[TASK DESCRIPTION] Only one stretch of the data below is wanted: the lines from the one with "Implicit Types (u v ustar : 'cV[R]_d)." through the one with "(* Let $\mathcal", repeated exactly.

[MATERIAL FOR THIS EXERCISE]
(* The forcing $\tilde{\mathbb E}$, with the functions $\operatorname{stem}$ and $\operatorname{loss}$ (defined on $Q'=\operatorname{dom}(\operatorname{loss})$), has strong FAM-limits for intervals: for every FAM $\Xi$ there is a function $\lim_\Xi:\tilde{\mathbb E}^\omega\to\tilde{\mathbb E}$ which is a strong FAM limit for intervals.
   Context: Fix an interval partition $(I_k)_{k\in\omega}$ of $\omega$ into finite intervals with $|I_k|\to\infty$. A partial FAM is a finitely additive probability measure on a Boolean subalgebra of $\mathcal P(\omega)$ containing all singletons and assigning them measure $0$; a FAM is a partial FAM with domain $\mathcal P(\omega)$. $T^*$, $\Omega_s$, $\mu_s$: defined by induction on height $h\ge0$: $T^*\cap\omega^0=\{\langle\rangle\}$; $\rho(h)=\max(|T^*\cap\omega^h|,h+2)$, $\pi(h)=((h+1)^2\rho(h)^{h+1})^{\rho(h)^h}$, $a(h)=\pi(h)^{h+2}$, $M(h)=a(h)^2$; each $s\in T^*\cap\omega^h$ has successor set $\Omega_s=\{s^\frown\ell:\ell<M(h)\}$; $\mu_s(A)=\log_{a(h)}\big(\frac{M(h)}{M(h)-|A|}\big)$ for $A\subsetneq\Omega_s$ and $\mu_s(\Omega_s)=\infty$. For a subtree $p\subseteq T^*$ and $s\in p$, $\mu_s(p)=\mu_s(p\cap\Omega_s)$; the stem of $p$ is its shortest splitting node. $\tilde{\mathbb E}$ consists of subtrees $p\subseteq T^*$ with stem of height $h^*$ such that $\mu_t(p)\ge1+\frac1{h^*}$ for all $t\in p$ extending the stem, ordered by inclusion. $\operatorname{stem}(p)$ is the stem; $\operatorname{loss}(p)$ is defined iff there is an integer $m\ge2$ with stem height $h^*>3m$ and $\mu_s(p)\ge1+\frac1m$ for all $s\in p$ of height $\ge h^*$, and then $\operatorname{loss}(p)=\frac1m$ for the maximal such $m$. For a pair $(s^*,l^* )$, an $(s^*,l^* )$-sequence is a sequence $(q_\ell)_{\ell\in\omega}$ of conditions with $\operatorname{stem}(q_\ell)=s^*$ and $\operatorname{loss}(q_\ell)=l^*$ for all $\ell$. Given a FAM $\Xi$, a function $\lim_\Xi$ from sequences of conditions to conditions is a strong FAM limit for intervals if: for every pair $(s^*,l^* )$, every $j^*\in\omega$ and $(s^*,l^* )$-sequences $\bar q^j$ ($j<j^*$), every $\epsilon>0$, $k^*\in\omega$, every finite partition $(B_m)_{m<m^*}$ of $\omega$, and every condition $q$ stronger than all $\lim_\Xi(\bar q^j)$ ($j<j^*$), there are a nonempty finite $u\subseteq\omega\setminus k^*$ and a condition $q'\le q$ such that $\Xi(B_m)-\epsilon<\frac{|u\cap B_m|}{|u|}<\Xi(B_m)+\epsilon$ for all $m<m^*$, and $\frac1{|u|}\sum_{k\in u}\frac{|\{\ell\in I_k:\ q'\le q^j_\ell\}|}{|I_k|}\ge1-l^*-\epsilon$ for all $j<j^*$. *)

From Stdlib Require Import Reals Lra Lia Arith List ClassicalEpsilon.
Import ListNotations.
Open Scope R_scope.
Lemma is_derive_submx m n p (f : V -> 'M[K]_(m, n)) (B : 'M[K]_(p, n)) x v df :
  (\forall y \near x, (f y <= B)%MS) -> is_derive x v f df -> (df <= B)%MS.
Proof.
move=> near_fB fdf.
have : is_derive x v (fun y => f y *m cokermx B) (df *m cokermx B).
  by rewrite -[X in is_derive _ _ _ X]addr0 -(mulmx0 _ (f x)); exact: is_derive_mulmx.
have near0 : \forall y \near x, cst 0 y = f y *m cokermx B.
  by apply: filterS near_fB => y; rewrite submxE => /eqP ->.
by rewrite submxE => -[_ <-]; rewrite -(near_eq_derive _ near0) derive_cst.
Qed.
End derivative_rules.

Section derivative_invmx.
Context {K : numFieldType}.
Implicit Types (x v : K).

Lemma derivable_det n (F : K -> 'M[K]_n) x v :
  derivable F x v -> derivable (fun y => \det (F y)) x v.
Proof.
move=> /derivable_mx_entriesP dF.
rewrite [X in derivable X](_ : _ =
    \sum_(s : 'S_n) (-1) ^+ s \*: \prod_i (fun y => F y i (s i))); last first.
  by rewrite fct_sumE; apply/funext => y; apply: eq_bigr => s _; rewrite fct_prodE.
apply: (big_ind (fun g => derivable g x v)) => [|g h|s _].
- exact: derivable_cst.
- exact: derivableD.
apply: (derivableZ (f := \prod_i (fun y => F y i (s i)))).
apply: (big_ind (fun g => derivable g x v)) => [|g h|i _].
- exact: derivable_cst.
- exact: derivableM.
- exact: dF.
Qed.
Lemma min_eigenvalue_qform_le A lmin h : A^T = A -> min_eigenvalue A lmin ->
  lmin * dotv h h <= qform A h.
Proof.
move=> AT [_ lmin_le]; have [mu /lmin_le lmin_mu lb] := exists_eigenvalue_qform_lb AT.
by apply: le_trans (lb h); rewrite ler_wpM2r ?dotvv_ge0.
Qed.

Lemma qform_le_max_eigenvalue A lmax h : A^T = A -> max_eigenvalue A lmax ->
  qform A h <= lmax * dotv h h.
Proof.
move=> AT [_ le_lmax].
have NAT : (- A)^T = - A by rewrite linearN /= AT.
have [mu /eigenvalueNmx /le_lmax mu_lmax lb] := exists_eigenvalue_qform_lb NAT.
have := lb h; rewrite qformNmx; have := dotvv_ge0 h; nra.
Qed.

End Rayleigh.

Section BoxConstraints.
Variables (R : realType) (d : nat) (umin umax : 'cV[R]_d).
Implicit Types (u v ustar : 'cV[R]_d).

Lemma box_midpoint u v : box umin umax u -> box umin umax v ->
  box umin umax (2^-1 *: (u + v)).
Proof.
move=> [lo_u hi_u] [lo_v hi_v]; split => i; rewrite !mxE;
  have := lo_u i; have := hi_u i; have := lo_v i; have := hi_v i; lra.
Qed.

Lemma slackness_dotv_ge0 ustar eta1 eta2 u :
  vle 0 eta1 -> vle 0 eta2 ->
  dotv eta1 (ustar - umax) = 0 -> dotv eta2 (umin - ustar) = 0 ->
  box umin umax u -> 0 <= dotv eta2 (u - ustar) - dotv eta1 (u - ustar).
Proof.
move=> eta1_ge0 eta2_ge0 slack1 slack2 [lo hi].
have -> : dotv eta2 (u - ustar) = dotv eta2 (u - umin) + dotv eta2 (umin - ustar).
  by rewrite -dotvDr subrKA.
have -> : dotv eta1 (u - ustar) = - (dotv eta1 (umax - u) + dotv eta1 (ustar - umax)).
  by rewrite -dotvDr (addrC (umax - u)) subrKA -dotvNr opprB.
rewrite slack1 slack2 !addr0 opprK addr_ge0 //.
  by apply: dotv_ge0 => //; apply: vle_subr_ge0.
by apply: dotv_ge0 => //; apply: vle_subr_ge0.
Qed.
(* Let $\mathcal N$ be an indecomposable Clifford Nil-algebra of rank $4$ with nilpotency index $NI(\mathcal N)=1$. Then $\mathcal N$ is equivalent either to one of the following quasiNil-algebras, or to the dual of one of them: (i) $\mathcal N_{12}=V_1$, $\mathcal N_{13}=V_2$, $\mathcal N_{14}=V_3$, all other $\mathcal N_{ij}=0$; (ii) $\mathcal N_{13}=V_1$, $\mathcal N_{14}=V_2$, $\mathcal N_{24}=V_3$, all other $\mathcal N_{ij}=0$; (iii) $\mathcal N_{13}=V_1$, $\mathcal N_{14}=V_2$, $\mathcal N_{23}=V_3$, $\mathcal N_{24}=V_4$, all other $\mathcal N_{ij}=0$. Here $V_1,\dots,V_4$ are arbitrary nonzero Euclidean spaces and all products $\mu_{ijk}$ are zero. Conversely, each of (i)–(iii) is an indecomposable Clifford Nil-algebra of rank 4 with $NI=1$.
   Context: All vector spaces are finite-dimensional real. A bilinear map $\mu:X\times Y\to Z$ of Euclidean spaces is isometric if $|\mu(x,y)|=|x|\,|y|$. For a Euclidean space $V$, $\mathrm{Cl}(V)$ is the Clifford algebra with $v\cdot v=-|v|^2$. A ''$\mathrm{Cl}(V)$-module $S^0\oplus S^1$'' always means a $\mathbb Z/2$-graded $\mathrm{Cl}(V)$-module ($V\cdot S^0\subset S^1$, $V\cdot S^1\subset S^0$) with an admissible Euclidean metric: $S^0\perp S^1$ and every $v\in V$ acts skew-symmetrically (so $|v\cdot s|=|v||s|$); the maps $V\times S^0\to S^1,(v,s)\mapsto v\cdot s$ and $S^0\times V\to S^1,(s,v)\mapsto v\cdot s$ are called Clifford multiplications. A quasiNil-algebra of rank $n$ is a Euclidean space $\mathcal N$ with an orthogonal decomposition $\mathcal N=\bigoplus_{1\le i<j\le n}\mathcal N_{ij}$ and bilinear isometric maps $\mu_{ijk}:\mathcal N_{ij}\times\mathcal N_{jk}\to\mathcal N_{ik}$ ($i<j<k$; $\mu_{ijk}=0$ iff one factor is $0$); elements are strictly upper triangular matrices $A=(a_{ij})$, $a_{ij}\in\mathcal N_{ij}$, with product $(AB)_{ik}=\sum_{i<j<k}\mu_{ijk}(a_{ij},b_{jk})$. It is Clifford if every nonzero $\mu_{ijk}$ is a Clifford multiplication (either $\mathcal N_{jk}\oplus\mathcal N_{ik}$ is a $\mathrm{Cl}(\mathcal N_{ij})$-module with $\mu_{ijk}(x,y)=x\cdot y$, or $\mathcal N_{ij}\oplus\mathcal N_{ik}$ is a $\mathrm{Cl}(\mathcal N_{jk})$-module with $\mu_{ijk}(x,y)=y\cdot x$). A Nil-algebra is an associative quasiNil-algebra satisfying the Vinberg condition: for all $l<i<j<k$, $a\in\mathcal N_{ik}$, $b\in\mathcal N_{jk}$, if $\langle a,\mu_{ijk}(x,b)\rangle=0$ for all $x\in\mathcal N_{ij}$ then $\langle\mu_{lik}(y,a),\mu_{ljk}(z,b)\rangle=0$ for all $y\in\mathcal N_{li},z\in\mathcal N_{lj}$. The nilpotency index $NI(\mathcal N)$ is the largest $m$ such that there are $i_0<i_1<\dots<i_m$ with $\mathcal N_{i_{r-1}i_r}\neq0$ for all $r$. An isomorphism is a linear isometry preserving each $\mathcal N_{ij}$ and all products. A renumbering by a permutation $\sigma$ with $\sigma(i)<\sigma(j)$ whenever $\mathcal N_{ij}\ne0$ sets $\mathcal N'_{\sigma(i)\sigma(j)}=\mathcal N_{ij}$ with the transported products; two quasiNil-algebras are equivalent if they are isomorphic after a renumbering. The dual $\mathcal N^\tau$ has $\mathcal N^\tau_{ij}=\mathcal N_{n+1-j,\,n+1-i}$ and $\mu^\tau_{ijk}(x,y)=\mu_{n+1-k,\,n+1-j,\,n+1-i}(y,x)$. A direct sum of quasiNil-algebras of ranks $n',n''$ is the rank $n'+n''$ block-diagonal quasiNil-algebra; $\mathcal N$ is indecomposable if it is not equivalent to a direct sum of two quasiNil-algebras of positive rank. *)

(* Euclidean spaces are modelled as 'rV[R]_d with the standard
   inner product, R : realType (the real numbers). *)
From HB Require Import structures.
From mathcomp Require Import all_boot all_order all_algebra.
From mathcomp Require Import reals.
Set Implicit Arguments. Unset Strict Implicit. Unset Printing Implicit Defensive.
Import Order.TTheory GRing.Theory Num.Theory.

Section QNil.
Variable R : realType.
Local Open Scope ring_scope.

Definition dotv (d : nat) (x y : 'rV[R]_d) : R := (x *m y^T) 0 0.
Definition normv (d : nat) (x : 'rV[R]_d) : R := Num.sqrt (dotv x x).

Definition bilinear_map (a b c : nat)
  (m : 'rV[R]_a -> 'rV[R]_b -> 'rV[R]_c) : Prop :=
  (forall (t : R) x x' y, m (t *: x + x') y = t *: m x y + m x' y) /\
  (forall (t : R) x y y', m x (t *: y + y') = t *: m x y + m x y').

Definition isometric_map (a b c : nat)
  (m : 'rV[R]_a -> 'rV[R]_b -> 'rV[R]_c) : Prop :=
  forall x y, normv (m x y) = normv x * normv y.

Definition zero_map (a b c : nat) (m : 'rV[R]_a -> 'rV[R]_b -> 'rV[R]_c) : Prop :=
  forall x y, m x y = 0.

(* m : V x S0 -> S1 is a Clifford multiplication: S0 (+) S1 (orthogonal sum of
   the given Euclidean spaces) is a Z/2-graded Cl(V)-module with admissible
   metric whose odd part V x S0 -> S1 is m.  The action of v on S0 (+) S1 is
   (s, t) |-> (nu v t, m v s); the module condition is v.v = -|v|^2, and
   admissibility is skew-symmetry of each v. *)
Definition clifford_mult (a b c : nat)
  (m : 'rV[R]_a -> 'rV[R]_b -> 'rV[R]_c) : Prop :=
  bilinear_map m /\
  exists nu : 'rV[R]_a -> 'rV[R]_c -> 'rV[R]_b,
    bilinear_map nu /\
    (forall v s, nu v (m v s) = - (dotv v v) *: s) /\
    (forall v t, m v (nu v t) = - (dotv v v) *: t) /\
    (forall v s t, dotv (m v s) t = - dotv s (nu v t)).

(* Data of a (candidate) quasiNil-algebra of rank n: the spaces N_ij = R^(qdim i j)
   (indices 0..n-1) and the products mu_ijk. *)
Record qn_data (n : nat) := QN {
  qdim : 'I_n -> 'I_n -> nat;
  qmu : forall i j k : 'I_n,
          'rV[R]_(qdim i j) -> 'rV[R]_(qdim j k) -> 'rV[R]_(qdim i k) }.
Arguments qdim {n} q i j : rename.
Arguments qmu {n} q i j k : rename.

Definition is_quasiNil n (N : qn_data n) : Prop :=
  (forall i j : 'I_n, ~~ (i < j)%N -> qdim N i j = 0%N) /\
  (forall i j k : 'I_n, (i < j)%N -> (j < k)%N ->
     [/\ bilinear_map (qmu N i j k), isometric_map (qmu N i j k) &
         (zero_map (qmu N i j k) <-> (qdim N i j = 0%N \/ qdim N j k = 0%N))]).

Definition is_clifford n (N : qn_data n) : Prop :=
  forall i j k : 'I_n, (i < j)%N -> (j < k)%N -> ~ zero_map (qmu N i j k) ->
    clifford_mult (qmu N i j k) \/ clifford_mult (fun y x => qmu N i j k x y).

(* elements: strictly upper triangular matrices A = (a_ij), a_ij in N_ij *)
Definition qn_elt n (N : qn_data n) := forall i j : 'I_n, 'rV[R]_(qdim N i j).

Definition qn_mul n (N : qn_data n) (A B : qn_elt N) : qn_elt N :=
  fun i k => \sum_(j < n | (i < j < k)%N) qmu N i j k (A i j) (B j k).

Definition is_associative n (N : qn_data n) : Prop :=
  forall (A B C : qn_elt N) (i k : 'I_n),
    qn_mul (qn_mul A B) C i k = qn_mul A (qn_mul B C) i k.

[OUTPUT]
Implicit Types (u v ustar : 'cV[R]_d).

Lemma box_midpoint u v : box umin umax u -> box umin umax v ->
  box umin umax (2^-1 *: (u + v)).
Proof.
move=> [lo_u hi_u] [lo_v hi_v]; split => i; rewrite !mxE;
  have := lo_u i; have := hi_u i; have := lo_v i; have := hi_v i; lra.
Qed.

Lemma slackness_dotv_ge0 ustar eta1 eta2 u :
  vle 0 eta1 -> vle 0 eta2 ->
  dotv eta1 (ustar - umax) = 0 -> dotv eta2 (umin - ustar) = 0 ->
  box umin umax u -> 0 <= dotv eta2 (u - ustar) - dotv eta1 (u - ustar).
Proof.
move=> eta1_ge0 eta2_ge0 slack1 slack2 [lo hi].
have -> : dotv eta2 (u - ustar) = dotv eta2 (u - umin) + dotv eta2 (umin - ustar).
  by rewrite -dotvDr subrKA.
have -> : dotv eta1 (u - ustar) = - (dotv eta1 (umax - u) + dotv eta1 (ustar - umax)).
  by rewrite -dotvDr (addrC (umax - u)) subrKA -dotvNr opprB.
rewrite slack1 slack2 !addr0 opprK addr_ge0 //.
  by apply: dotv_ge0 => //; apply: vle_subr_ge0.
by apply: dotv_ge0 => //; apply: vle_subr_ge0.
Qed.
(* Let $\mathcal N$ be an indecomposable Clifford Nil-algebra of rank $4$ with nilpotency index $NI(\mathcal N)=1$. Then $\mathcal N$ is equivalent either to one of the following quasiNil-algebras, or to the dual of one of them: (i) $\mathcal N_{12}=V_1$, $\mathcal N_{13}=V_2$, $\mathcal N_{14}=V_3$, all other $\mathcal N_{ij}=0$; (ii) $\mathcal N_{13}=V_1$, $\mathcal N_{14}=V_2$, $\mathcal N_{24}=V_3$, all other $\mathcal N_{ij}=0$; (iii) $\mathcal N_{13}=V_1$, $\mathcal N_{14}=V_2$, $\mathcal N_{23}=V_3$, $\mathcal N_{24}=V_4$, all other $\mathcal N_{ij}=0$. Here $V_1,\dots,V_4$ are arbitrary nonzero Euclidean spaces and all products $\mu_{ijk}$ are zero. Conversely, each of (i)–(iii) is an indecomposable Clifford Nil-algebra of rank 4 with $NI=1$.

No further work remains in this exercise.